Stored items

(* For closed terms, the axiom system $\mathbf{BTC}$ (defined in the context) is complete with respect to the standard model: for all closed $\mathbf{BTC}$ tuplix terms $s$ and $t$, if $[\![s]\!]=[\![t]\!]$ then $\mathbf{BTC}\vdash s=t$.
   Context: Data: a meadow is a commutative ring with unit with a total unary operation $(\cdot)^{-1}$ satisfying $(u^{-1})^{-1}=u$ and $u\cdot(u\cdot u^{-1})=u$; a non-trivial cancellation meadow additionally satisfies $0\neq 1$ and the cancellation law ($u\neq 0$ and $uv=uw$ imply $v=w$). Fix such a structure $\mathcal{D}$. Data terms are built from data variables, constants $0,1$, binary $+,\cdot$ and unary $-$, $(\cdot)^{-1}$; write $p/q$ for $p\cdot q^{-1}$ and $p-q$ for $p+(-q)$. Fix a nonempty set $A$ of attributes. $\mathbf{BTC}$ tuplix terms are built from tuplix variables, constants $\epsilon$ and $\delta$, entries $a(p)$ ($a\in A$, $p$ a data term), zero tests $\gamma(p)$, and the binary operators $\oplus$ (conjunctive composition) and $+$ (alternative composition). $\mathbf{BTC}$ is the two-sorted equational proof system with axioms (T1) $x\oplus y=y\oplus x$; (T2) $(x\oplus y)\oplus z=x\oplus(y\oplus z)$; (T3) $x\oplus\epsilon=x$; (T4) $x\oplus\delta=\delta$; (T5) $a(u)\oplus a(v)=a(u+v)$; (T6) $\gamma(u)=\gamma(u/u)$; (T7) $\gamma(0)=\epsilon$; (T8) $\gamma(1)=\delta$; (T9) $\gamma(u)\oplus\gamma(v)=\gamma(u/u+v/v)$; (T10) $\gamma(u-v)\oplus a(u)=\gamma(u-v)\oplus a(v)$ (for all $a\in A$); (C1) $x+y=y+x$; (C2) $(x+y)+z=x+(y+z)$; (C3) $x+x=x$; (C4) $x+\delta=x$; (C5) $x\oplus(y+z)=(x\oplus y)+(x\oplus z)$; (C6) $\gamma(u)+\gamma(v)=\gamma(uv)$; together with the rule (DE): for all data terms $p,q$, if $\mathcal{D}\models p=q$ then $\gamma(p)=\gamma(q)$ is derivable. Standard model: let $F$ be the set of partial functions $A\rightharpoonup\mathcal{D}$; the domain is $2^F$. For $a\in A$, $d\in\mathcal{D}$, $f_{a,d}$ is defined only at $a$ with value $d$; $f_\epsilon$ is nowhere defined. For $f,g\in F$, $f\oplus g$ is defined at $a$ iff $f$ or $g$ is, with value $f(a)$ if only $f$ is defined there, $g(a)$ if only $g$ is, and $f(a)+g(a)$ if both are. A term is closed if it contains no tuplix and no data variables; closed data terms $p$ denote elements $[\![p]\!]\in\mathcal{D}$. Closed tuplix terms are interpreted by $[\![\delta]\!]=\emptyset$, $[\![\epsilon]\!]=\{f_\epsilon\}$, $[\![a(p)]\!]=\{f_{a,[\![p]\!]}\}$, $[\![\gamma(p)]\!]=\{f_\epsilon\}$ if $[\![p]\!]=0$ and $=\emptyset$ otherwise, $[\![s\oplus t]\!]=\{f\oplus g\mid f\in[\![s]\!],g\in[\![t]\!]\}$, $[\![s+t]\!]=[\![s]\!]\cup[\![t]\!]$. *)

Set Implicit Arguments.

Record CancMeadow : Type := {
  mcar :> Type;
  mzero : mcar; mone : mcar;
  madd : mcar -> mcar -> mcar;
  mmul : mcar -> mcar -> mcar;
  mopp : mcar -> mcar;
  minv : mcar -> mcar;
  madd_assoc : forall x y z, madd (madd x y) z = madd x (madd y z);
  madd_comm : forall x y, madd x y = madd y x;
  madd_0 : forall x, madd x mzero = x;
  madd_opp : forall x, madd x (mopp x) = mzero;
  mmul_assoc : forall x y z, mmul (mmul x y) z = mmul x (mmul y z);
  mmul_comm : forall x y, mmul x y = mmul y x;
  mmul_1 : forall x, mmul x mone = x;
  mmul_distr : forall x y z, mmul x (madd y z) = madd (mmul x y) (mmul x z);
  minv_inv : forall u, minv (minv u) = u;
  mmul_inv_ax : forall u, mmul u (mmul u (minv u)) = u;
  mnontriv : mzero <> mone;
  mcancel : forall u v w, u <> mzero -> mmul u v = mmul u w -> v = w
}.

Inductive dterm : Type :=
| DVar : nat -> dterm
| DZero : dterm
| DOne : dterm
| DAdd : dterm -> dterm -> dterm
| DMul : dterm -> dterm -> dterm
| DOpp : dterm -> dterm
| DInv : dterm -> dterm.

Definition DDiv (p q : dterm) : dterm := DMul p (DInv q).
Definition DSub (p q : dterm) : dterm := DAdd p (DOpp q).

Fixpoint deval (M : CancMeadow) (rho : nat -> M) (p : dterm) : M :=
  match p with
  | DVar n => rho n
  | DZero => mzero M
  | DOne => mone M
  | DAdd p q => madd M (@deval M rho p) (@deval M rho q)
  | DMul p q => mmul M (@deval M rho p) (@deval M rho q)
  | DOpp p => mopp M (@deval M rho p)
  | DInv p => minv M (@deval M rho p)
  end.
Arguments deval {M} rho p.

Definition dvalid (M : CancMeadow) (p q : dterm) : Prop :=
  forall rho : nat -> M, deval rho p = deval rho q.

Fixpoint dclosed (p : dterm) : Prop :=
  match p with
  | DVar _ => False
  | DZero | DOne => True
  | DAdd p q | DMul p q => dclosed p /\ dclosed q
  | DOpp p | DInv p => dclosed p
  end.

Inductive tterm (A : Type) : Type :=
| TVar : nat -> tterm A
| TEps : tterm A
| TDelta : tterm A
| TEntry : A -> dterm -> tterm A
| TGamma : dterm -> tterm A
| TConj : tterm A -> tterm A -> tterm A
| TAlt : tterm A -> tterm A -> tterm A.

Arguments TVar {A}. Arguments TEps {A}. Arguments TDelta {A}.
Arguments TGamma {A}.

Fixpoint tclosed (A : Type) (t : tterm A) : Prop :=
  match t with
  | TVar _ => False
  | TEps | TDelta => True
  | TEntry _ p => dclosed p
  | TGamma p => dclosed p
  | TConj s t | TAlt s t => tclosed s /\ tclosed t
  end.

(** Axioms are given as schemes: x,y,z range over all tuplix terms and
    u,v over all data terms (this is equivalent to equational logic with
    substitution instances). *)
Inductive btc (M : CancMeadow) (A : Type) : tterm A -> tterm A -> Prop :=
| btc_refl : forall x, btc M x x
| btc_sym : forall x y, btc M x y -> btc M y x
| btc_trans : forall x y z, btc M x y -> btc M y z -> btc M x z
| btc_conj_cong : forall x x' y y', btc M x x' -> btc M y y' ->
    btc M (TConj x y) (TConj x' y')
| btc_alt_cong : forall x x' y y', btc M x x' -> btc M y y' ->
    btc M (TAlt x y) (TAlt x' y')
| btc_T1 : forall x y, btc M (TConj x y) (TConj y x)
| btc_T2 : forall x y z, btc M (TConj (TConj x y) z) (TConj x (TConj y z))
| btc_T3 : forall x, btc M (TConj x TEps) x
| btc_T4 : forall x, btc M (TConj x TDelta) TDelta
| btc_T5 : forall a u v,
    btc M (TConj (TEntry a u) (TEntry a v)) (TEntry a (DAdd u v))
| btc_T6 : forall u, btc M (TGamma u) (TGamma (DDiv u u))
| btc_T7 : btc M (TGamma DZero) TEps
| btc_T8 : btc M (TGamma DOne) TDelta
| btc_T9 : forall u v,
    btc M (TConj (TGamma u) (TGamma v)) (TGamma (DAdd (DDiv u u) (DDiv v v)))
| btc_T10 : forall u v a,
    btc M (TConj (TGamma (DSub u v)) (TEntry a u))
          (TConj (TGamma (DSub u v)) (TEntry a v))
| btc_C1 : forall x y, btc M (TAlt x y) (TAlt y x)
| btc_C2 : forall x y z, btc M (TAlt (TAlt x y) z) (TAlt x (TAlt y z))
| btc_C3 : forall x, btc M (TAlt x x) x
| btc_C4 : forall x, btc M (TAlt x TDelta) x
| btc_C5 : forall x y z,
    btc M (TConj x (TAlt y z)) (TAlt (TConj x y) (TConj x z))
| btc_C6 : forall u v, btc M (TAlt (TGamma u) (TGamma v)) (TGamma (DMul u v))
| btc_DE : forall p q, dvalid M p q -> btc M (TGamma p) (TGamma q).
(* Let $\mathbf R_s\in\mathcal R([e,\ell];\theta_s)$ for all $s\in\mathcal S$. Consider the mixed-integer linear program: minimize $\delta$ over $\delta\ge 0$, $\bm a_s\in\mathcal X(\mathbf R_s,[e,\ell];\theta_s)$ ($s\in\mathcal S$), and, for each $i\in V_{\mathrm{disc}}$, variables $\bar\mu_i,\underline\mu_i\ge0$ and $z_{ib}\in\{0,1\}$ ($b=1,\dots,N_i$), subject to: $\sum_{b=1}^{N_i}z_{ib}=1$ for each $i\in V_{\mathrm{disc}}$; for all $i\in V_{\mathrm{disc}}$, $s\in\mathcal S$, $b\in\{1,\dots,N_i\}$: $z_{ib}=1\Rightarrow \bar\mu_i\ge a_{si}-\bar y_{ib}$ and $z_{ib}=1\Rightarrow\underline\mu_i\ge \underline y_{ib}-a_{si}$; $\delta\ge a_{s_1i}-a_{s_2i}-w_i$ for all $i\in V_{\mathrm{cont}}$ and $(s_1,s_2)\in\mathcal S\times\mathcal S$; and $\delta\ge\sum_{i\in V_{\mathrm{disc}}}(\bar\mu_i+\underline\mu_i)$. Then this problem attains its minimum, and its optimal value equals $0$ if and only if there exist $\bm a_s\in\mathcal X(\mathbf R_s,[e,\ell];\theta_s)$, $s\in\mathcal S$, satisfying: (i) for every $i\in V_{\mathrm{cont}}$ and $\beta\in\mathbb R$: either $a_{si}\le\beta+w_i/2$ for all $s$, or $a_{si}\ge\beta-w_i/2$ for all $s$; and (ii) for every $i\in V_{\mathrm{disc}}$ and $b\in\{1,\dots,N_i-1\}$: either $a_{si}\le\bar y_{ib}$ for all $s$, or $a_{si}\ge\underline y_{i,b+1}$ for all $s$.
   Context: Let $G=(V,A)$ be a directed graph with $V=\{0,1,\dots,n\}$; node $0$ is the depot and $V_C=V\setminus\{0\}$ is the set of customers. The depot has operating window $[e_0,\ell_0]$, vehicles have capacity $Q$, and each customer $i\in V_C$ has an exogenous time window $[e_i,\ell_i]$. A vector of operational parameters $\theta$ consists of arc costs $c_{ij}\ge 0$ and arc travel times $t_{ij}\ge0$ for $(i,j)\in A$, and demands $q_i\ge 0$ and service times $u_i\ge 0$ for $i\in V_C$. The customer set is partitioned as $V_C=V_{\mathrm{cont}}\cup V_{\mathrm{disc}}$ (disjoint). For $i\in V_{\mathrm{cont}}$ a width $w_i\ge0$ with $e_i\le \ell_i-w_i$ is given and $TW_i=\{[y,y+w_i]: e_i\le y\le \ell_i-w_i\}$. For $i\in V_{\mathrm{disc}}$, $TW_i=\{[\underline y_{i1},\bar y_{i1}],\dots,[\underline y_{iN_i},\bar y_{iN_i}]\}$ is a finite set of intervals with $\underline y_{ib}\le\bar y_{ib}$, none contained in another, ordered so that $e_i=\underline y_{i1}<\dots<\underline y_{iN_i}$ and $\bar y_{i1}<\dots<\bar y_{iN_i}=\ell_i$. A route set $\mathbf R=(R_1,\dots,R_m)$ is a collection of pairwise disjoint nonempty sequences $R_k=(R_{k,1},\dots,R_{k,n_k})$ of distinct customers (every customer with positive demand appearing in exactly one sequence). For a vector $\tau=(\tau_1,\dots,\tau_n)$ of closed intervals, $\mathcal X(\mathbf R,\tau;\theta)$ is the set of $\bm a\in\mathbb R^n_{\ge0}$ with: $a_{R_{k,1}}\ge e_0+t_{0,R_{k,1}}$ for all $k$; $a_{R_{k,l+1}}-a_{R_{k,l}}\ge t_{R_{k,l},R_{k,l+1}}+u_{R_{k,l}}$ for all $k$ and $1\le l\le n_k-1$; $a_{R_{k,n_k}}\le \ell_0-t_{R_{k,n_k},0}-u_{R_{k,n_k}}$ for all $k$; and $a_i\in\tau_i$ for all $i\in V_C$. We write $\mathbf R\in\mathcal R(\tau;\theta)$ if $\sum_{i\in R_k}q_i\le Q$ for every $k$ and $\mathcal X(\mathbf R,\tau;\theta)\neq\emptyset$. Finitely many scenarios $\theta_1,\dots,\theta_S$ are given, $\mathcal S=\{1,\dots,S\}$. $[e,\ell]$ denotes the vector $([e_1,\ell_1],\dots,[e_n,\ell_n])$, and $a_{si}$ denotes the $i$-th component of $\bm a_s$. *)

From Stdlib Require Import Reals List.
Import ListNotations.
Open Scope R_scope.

Task goal – Starting at the line that has "mcar :> Type;" and ending at the line that has "madd_0 : forall x, madd x mzero = x;", please write out the lines above exactly, leaving out all others.

Result of this task –
  mcar :> Type;
  mzero : mcar; mone : mcar;
  madd : mcar -> mcar -> mcar;
  mmul : mcar -> mcar -> mcar;
  mopp : mcar -> mcar;
  minv : mcar -> mcar;
  madd_assoc : forall x y z, madd (madd x y) z = madd x (madd y z);
  madd_comm : forall x y, madd x y = madd y x;
  madd_0 : forall x, madd x mzero = x;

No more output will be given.